- [DIRECTIONS]: Set down, please, exactly the lines below that run from the line with "Definition has_EO (R" to the line with "minimum of the", both lines included.

- [DATA FOR THIS TASK]:

(* G(S) is connected: any two vertices are joined by a path inside S
   (the graph with empty vertex set counts as connected). *)
Definition sol_graph_connected (d n : nat) (S : {set point d n}) : Prop :=
  forall x y, x \in S -> y \in S -> connect (sol_edge S) x y.

Definition can_elim (R : realType) (m n : nat) (A : 'M[R]_(m, n))
  (J : {set 'I_n}) (j : 'I_n) : bool :=
  (j \in J) &&
  ([forall i : 'I_m, (0 < A i j) ==>
       [forall j' in J, (j' != j) ==> (A i j' == 0)]]
   || [forall i : 'I_m, (A i j < 0) ==>
       [forall j' in J, (j' != j) ==> (A i j' == 0)]]).

Fixpoint elim_seq (R : realType) (m n : nat) (A : 'M[R]_(m, n))
  (J : {set 'I_n}) (s : seq 'I_n) : bool :=
  match s with
  | [::] => true
  | j :: s' => can_elim A J j && elim_seq A (J :\ j) s'
  end.

Definition elimination_ordering (R : realType) (m n : nat) (A : 'M[R]_(m, n))
  (s : seq 'I_n) : bool :=
  perm_eq s (enum 'I_n) && elim_seq A [set: 'I_n] s.

Definition has_EO (R : realType) (m n : nat) (A : 'M[R]_(m, n)) : Prop :=
  exists s : seq 'I_n, elimination_ordering A s.

(* Induct on the number of nonzero columns.  If column j can be eliminated, then
   fixing x_j at the end of D where every row that also involves other columns is
   slackest shows that zeroing column j keeps all solution graphs connected, and an
   elimination ordering of the reduced matrix extends by j.  So it suffices to show
   that a nonzero matrix with connected solution graphs has an eliminable nonzero
   column.

   The obstruction is a corner argument.  Reflect some coordinates x_k |-> d - x_k
   and suppose that every nonzero column k has a row whose entry at k is negative
   and smaller than the row's sum over a set Y of columns.  Let b be the pointwise
   minimum of the row values at the corner 0 and at its inward neighbour 1_Y: both
   points are feasible, but no nonzero coordinate of the corner can move, so they
   lie in different components.

   With two rows this pattern always occurs.  Hence two rows never have opposite
   signs in two columns: restricted to these rows, the matrix would still have
   connected solution graphs but no elimination ordering.  For n <= 2 this alone
   contradicts non-eliminability; for m <= 3 it forces three columns whose pairs of
   opposite rows form a cycle, which again yields the corner pattern. *)

From Pilot Require Import Defs.
From HB Require Import structures.
From mathcomp Require Import all_boot all_order all_algebra.
From mathcomp Require Import reals.
From mathcomp Require Import lra zify.
Set Implicit Arguments. Unset Strict Implicit. Unset Printing Implicit Defensive.
Import Order.TTheory GRing.Theory Num.Theory.
Local Open Scope ring_scope.

Section Signs.
Variable R : realType.
Implicit Types a b c : R.

Lemma mulr_lt0P a b : a * b < 0 -> (0 < a /\ b < 0) \/ (a < 0 /\ 0 < b).
Proof.
move=> ab; have [a0|a0|a0] := ltrgtP a 0; have [b0|b0|b0] := ltrgtP b 0;
  by [left | right | exfalso; subst; nra].
Qed.

Lemma mulr_lt0_neq0 a b : a * b < 0 -> a != 0 /\ b != 0.
Proof. by move=> ab; split; apply/eqP => z; move: ab; rewrite z ?mul0r ?mulr0 ltxx. Qed.

Lemma mulr_lt0_split a b c : a * c < 0 -> b != 0 -> a * b < 0 \/ b * c < 0.
Proof.
move=> ac /eqP b0; have [a0|a0|a0] := ltrgtP a 0; have [b1|b1|b1] := ltrgtP b 0;
  by [left; nra | right; nra | exfalso; subst; nra].
Qed.

End Signs.

Lemma connect_homo (T T' : finType) (e : rel T) (e' : rel T') (f : T -> T') :
  (forall u v, e u v -> connect e' (f u) (f v)) ->
  forall x y, connect e x y -> connect e' (f x) (f y).
Proof.
move=> ef x _ /connectP[p + ->]; elim: p x => //= y p IHp x /andP[/ef exy /IHp].
exact: connect_trans.
Qed.

Lemma ord_le2_neq n (i j k : 'I_n) : (n <= 2)%N -> j != i -> k != i -> j = k.
Proof.
move=> n2 /eqP ji /eqP ki; apply: ord_inj.
have := ltn_ord i; have := ltn_ord j; have := ltn_ord k.
have {}ji : nat_of_ord j <> i by move=> e; apply: ji; apply: ord_inj.
have {}ki : nat_of_ord k <> i by move=> e; apply: ki; apply: ord_inj.
lia.
Qed.

Lemma ord_le3_cases m (P Q S X : 'I_m) : (m <= 3)%N ->
  P != Q -> S != P -> S != Q -> [\/ X = P, X = Q | X = S].
Proof.
move=> m3 PQ SP SQ.
have [->|XP] := eqVneq X P; first exact: Or31.
have [->|XQ] := eqVneq X Q; first exact: Or32.
have [->|XS] := eqVneq X S; first exact: Or33.
have neq (a b : 'I_m) : a != b -> nat_of_ord a <> b by move=> /eqP ab e; apply: ab; apply: ord_inj.
move: (neq _ _ PQ) (neq _ _ SP) (neq _ _ SQ) (neq _ _ XP) (neq _ _ XQ) (neq _ _ XS).
move: (ltn_ord P) (ltn_ord Q) (ltn_ord S) (ltn_ord X); lia.
Qed.

Section EliminationOrderings.
Variables (R : realType) (m n : nat).
Implicit Types (A B : 'M[R]_(m, n)) (J : {set 'I_n}) (s : seq 'I_n).

Definition nzcol A j := [exists i, A i j != 0].

Definition zero_col A j : 'M[R]_(m, n) := \matrix_(i, k) if k == j then 0 else A i k.

Definition opp_rows A (p q : 'I_m) j := A p j * A q j < 0.

Lemma opp_rowsC A p q j : opp_rows A p q j = opp_rows A q p j.
Proof. by rewrite /opp_rows mulrC. Qed.

Lemma opp_rows_neq A p q j : opp_rows A p q j -> p != q.
Proof. by apply: contraTneq => ->; rewrite /opp_rows -leNgt -expr2 sqr_ge0. Qed.

Lemma opp_rows_split A p q r j :
  opp_rows A p r j -> A q j != 0 -> opp_rows A p q j \/ opp_rows A q r j.
Proof. exact: mulr_lt0_split. Qed.

Lemma opp_rows_sub2 A p q x y j : (x == p) || (x == q) -> (y == p) || (y == q) ->
  opp_rows A x y j -> opp_rows A p q j.
Proof.
case/orP=> /eqP-> /orP[]/eqP-> oppj //;
  first [by rewrite opp_rowsC | by move: (opp_rows_neq oppj); rewrite eqxx].
Qed.

Lemma can_elim_eq A B J j :
  (forall i k, k \in J -> A i k = B i k) -> can_elim A J j = can_elim B J j.
Proof.
move=> AB; rewrite /can_elim; case jJ: (j \in J) => //=.
congr (_ || _); apply: eq_forallb => i; rewrite AB //; congr (_ ==> _);
  by apply: eq_forallb => k; case kJ: (k \in J); rewrite //= AB.
Qed.

Lemma elim_seq_eq A B J s :
  (forall i k, k \in J -> A i k = B i k) -> elim_seq A J s = elim_seq B J s.
Proof.
elim: s J => //= j s IHs J AB; rewrite (can_elim_eq j AB) IHs // => i k.
by rewrite in_setD1 => /andP[_ /AB].
Qed.

Lemma can_elim_subset A J J' j :
  can_elim A J j -> j \in J' -> J' \subset J -> can_elim A J' j.
Proof.
rewrite /can_elim => /andP[_ elim_j] -> /subsetP J'J /=.
by case/orP: elim_j => /forallP elim_j; apply/orP; [left | right];
  apply/forallP => i; apply/implyP => /(implyP (elim_j i)) /forallP zero_i;
  apply/forallP => k; apply/implyP => /J'J; apply/implyP/zero_i.
Qed.

Lemma elim_seq_rem A J s j : elim_seq A J s -> elim_seq A (J :\ j) (rem j s).
Proof.
elim: s J => //= k s IHs J /andP[elim_k elim_s].
have [<- //|kj] := eqVneq k j.
rewrite /= (can_elim_subset elim_k) ?subD1set //=; last first.
  by rewrite in_setD1 kj; case/andP: elim_k.
by rewrite setDDl setUC -setDDl; apply: IHs.
Qed.

Lemma has_EO_zero A : (forall j, ~~ nzcol A j) -> has_EO A.
Proof.
move=> A0; exists (enum 'I_n); rewrite /elimination_ordering perm_refl /=.
suff elim_uniq s J : uniq s -> {subset s <= J} -> elim_seq A J s.
  by apply: elim_uniq => [|j]; rewrite ?enum_uniq ?in_setT.
elim: s J => //= j s IHs J /andP[js us] sJ; apply/andP; split.
  rewrite /can_elim sJ ?mem_head //=; apply/orP; left; apply/forallP => i.
  by move/existsPn: (A0 j) => /(_ i); rewrite negbK => /eqP ->; rewrite ltxx.
apply: IHs => // k ks; rewrite in_setD1 sJ ?inE ?ks ?orbT // andbT.
by apply: contraNneq js => <-.
Qed.

Lemma has_EO_zero_col A j : can_elim A setT j -> has_EO (zero_col A j) -> has_EO A.
Proof.
move=> elim_j [s /andP[perm_s elim_s]].
have js : j \in s by rewrite (perm_mem perm_s) mem_enum.
exists (j :: rem j s); rewrite /elimination_ordering /= elim_j /=; apply/andP; split.
  by apply: (@perm_trans _ s); rewrite // perm_sym perm_to_rem.
rewrite (@elim_seq_eq _ (zero_col A j)); first exact: elim_seq_rem.
by move=> i k; rewrite in_setD1 mxE => /andP[/negbTE -> _].
Qed.

Lemma opp_rows_not_can_elim A J p q j k :
  k \in J -> k != j -> opp_rows A p q j -> A p k != 0 -> A q k != 0 ->
  ~~ can_elim A J j.
Proof.
move=> kJ kj opp_j Apk Aqk; rewrite /can_elim negb_and negb_or; apply/orP; right.
have witness i : A i k != 0 -> ~~ [forall k', (k' \in J) ==> (k' != j) ==> (A i k' == 0)].
  by move=> Aik; apply/forallPn; exists k; rewrite kJ kj.
by case: (mulr_lt0P opp_j) => [[p0 q0] | [p0 q0]]; apply/andP; split; apply/forallPn;
  [exists p | exists q | exists q | exists p]; rewrite negb_imply ?p0 ?q0 witness.
Qed.

Lemma opp_rows_no_EO A p q j1 j2 :
  j1 != j2 -> opp_rows A p q j1 -> opp_rows A p q j2 -> ~ has_EO A.
Proof.
move=> j12 opp1 opp2 [s /andP[perm_s elim_s]].
have [p1 q1] := mulr_lt0_neq0 opp1; have [p2 q2] := mulr_lt0_neq0 opp2.
suff j1_notin t J : j1 \in J -> j2 \in J -> elim_seq A J t -> j1 \notin t.
  by move: (j1_notin s _ (in_setT j1) (in_setT j2) elim_s); rewrite (perm_mem perm_s) mem_enum.
elim: t J => //= k t IHt J j1J j2J /andP[elim_k elim_t].
have kj1 : k != j1.
  by apply: contraTneq elim_k => ->; rewrite (opp_rows_not_can_elim j2J _ opp1 p2 q2) // eq_sym.
have kj2 : k != j2.
  by apply: contraTneq elim_k => ->; rewrite (opp_rows_not_can_elim j1J j12 opp2 p1 q1).
rewrite in_cons eq_sym (negbTE kj1) /=; apply: IHt elim_t;
  by rewrite in_setD1 ?j1J ?j2J ?(eq_sym j1) ?(eq_sym j2) ?kj1 ?kj2.
Qed.

Lemma not_can_elimT A j : ~~ can_elim A setT j ->
  (exists i, 0 < A i j /\ exists2 k, k != j & A i k != 0) /\
  (exists i, A i j < 0 /\ exists2 k, k != j & A i k != 0).
Proof.
rewrite /can_elim in_setT negb_or => /andP[/forallPn[i pos_i] /forallPn[i' neg_i']].
move: pos_i neg_i'; rewrite !negb_imply.
move=> /andP[Aij /forallPn[k nz_k]] /andP[Ai'j /forallPn[k' nz_k']].
move: nz_k nz_k'; rewrite !negb_imply => /andP[_ /andP[kj Aik]] /andP[_ /andP[k'j Ai'k']].
by split; [exists i; split => //; exists k | exists i'; split => //; exists k'].
Qed.

End EliminationOrderings.


Section SolutionGraphs.
Variables (R : realType) (d m n : nat).
Implicit Types (A : 'M[R]_(m, n)) (b : 'I_m -> R) (S : {set point d n}).
Implicit Types (x y z u v : point d n) (c t : 'I_d.+1).

Definition solgraphs_connected A := forall b, sol_graph_connected (solset d A b).

Definition rowdot A x i : R := \sum_j A i j * (x j : nat)%:R.

Lemma in_solset A b x : (x \in solset d A b) = [forall i, b i <= rowdot A x i].
Proof. by rewrite inE. Qed.

Definition upd x j c : point d n := [ffun k => if k == j then c else x k].

Lemma upd_id x j : upd x j (x j) = x.
Proof. by apply/ffunP => k; rewrite ffunE; case: eqP => // ->. Qed.

Lemma upd_upd x j c c' : upd (upd x j c) j c' = upd x j c'.
Proof. by apply/ffunP => k; rewrite !ffunE; case: eqP. Qed.

Lemma adj1C x y : Defs.adj1 x y = Defs.adj1 y x.
Proof.
rewrite /Defs.adj1 (_ : [set k | x k != y k] = [set k | y k != x k]) //.
by apply/setP => k; rewrite !inE eq_sym.
Qed.

Lemma sol_edge_sym S : symmetric (sol_edge S).
Proof. by move=> x y; rewrite /sol_edge andbCA adj1C. Qed.

Lemma adj1_upd x j c : x j != c -> Defs.adj1 x (upd x j c).
Proof.
move=> xjc; rewrite /Defs.adj1 (_ : [set k | _] = [set j]) ?cards1 //.
by apply/setP => k; rewrite !inE ffunE; case: (eqVneq k j) => [->|]; rewrite ?eqxx.
Qed.

Lemma adj1P x y : Defs.adj1 x y -> exists2 k, x k != y k & y = upd x k (y k).
Proof.
move=> /cards1P[k diff_k]; have: k \in [set k | x k != y k] by rewrite diff_k inE.
rewrite inE => xyk; exists k => //; apply/ffunP => l; rewrite ffunE.
case: eqVneq => [-> //|lk]; apply/eqP; rewrite eq_sym; apply: contraNT lk => xyl.
by rewrite -in_set1 -diff_k inE.
Qed.

Lemma upd_updC x j k c t : j != k -> upd (upd x j c) k t = upd (upd x k t) j c.
Proof.
move=> jk; apply/ffunP => l; rewrite !ffunE.
by case: (eqVneq l j) => [->|_] //=; rewrite (negbTE jk).
Qed.

Lemma adj1_upd2 u v j c : Defs.adj1 u v ->
  upd u j c = upd v j c \/ Defs.adj1 (upd u j c) (upd v j c).
Proof.
move=> /adj1P[k uvk ->]; have [<-|kj] := eqVneq k j; first by left; rewrite upd_upd.
by right; rewrite upd_updC // adj1_upd // ffunE (negbTE kj).
Qed.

- [FINISHED TASK]:
Definition has_EO (R : realType) (m n : nat) (A : 'M[R]_(m, n)) : Prop :=
  exists s : seq 'I_n, elimination_ordering A s.

(* Induct on the number of nonzero columns.  If column j can be eliminated, then
   fixing x_j at the end of D where every row that also involves other columns is
   slackest shows that zeroing column j keeps all solution graphs connected, and an
   elimination ordering of the reduced matrix extends by j.  So it suffices to show
   that a nonzero matrix with connected solution graphs has an eliminable nonzero
   column.

   The obstruction is a corner argument.  Reflect some coordinates x_k |-> d - x_k
   and suppose that every nonzero column k has a row whose entry at k is negative
   and smaller than the row's sum over a set Y of columns.  Let b be the pointwise
   minimum of the row values at the corner 0 and at its inward neighbour 1_Y: both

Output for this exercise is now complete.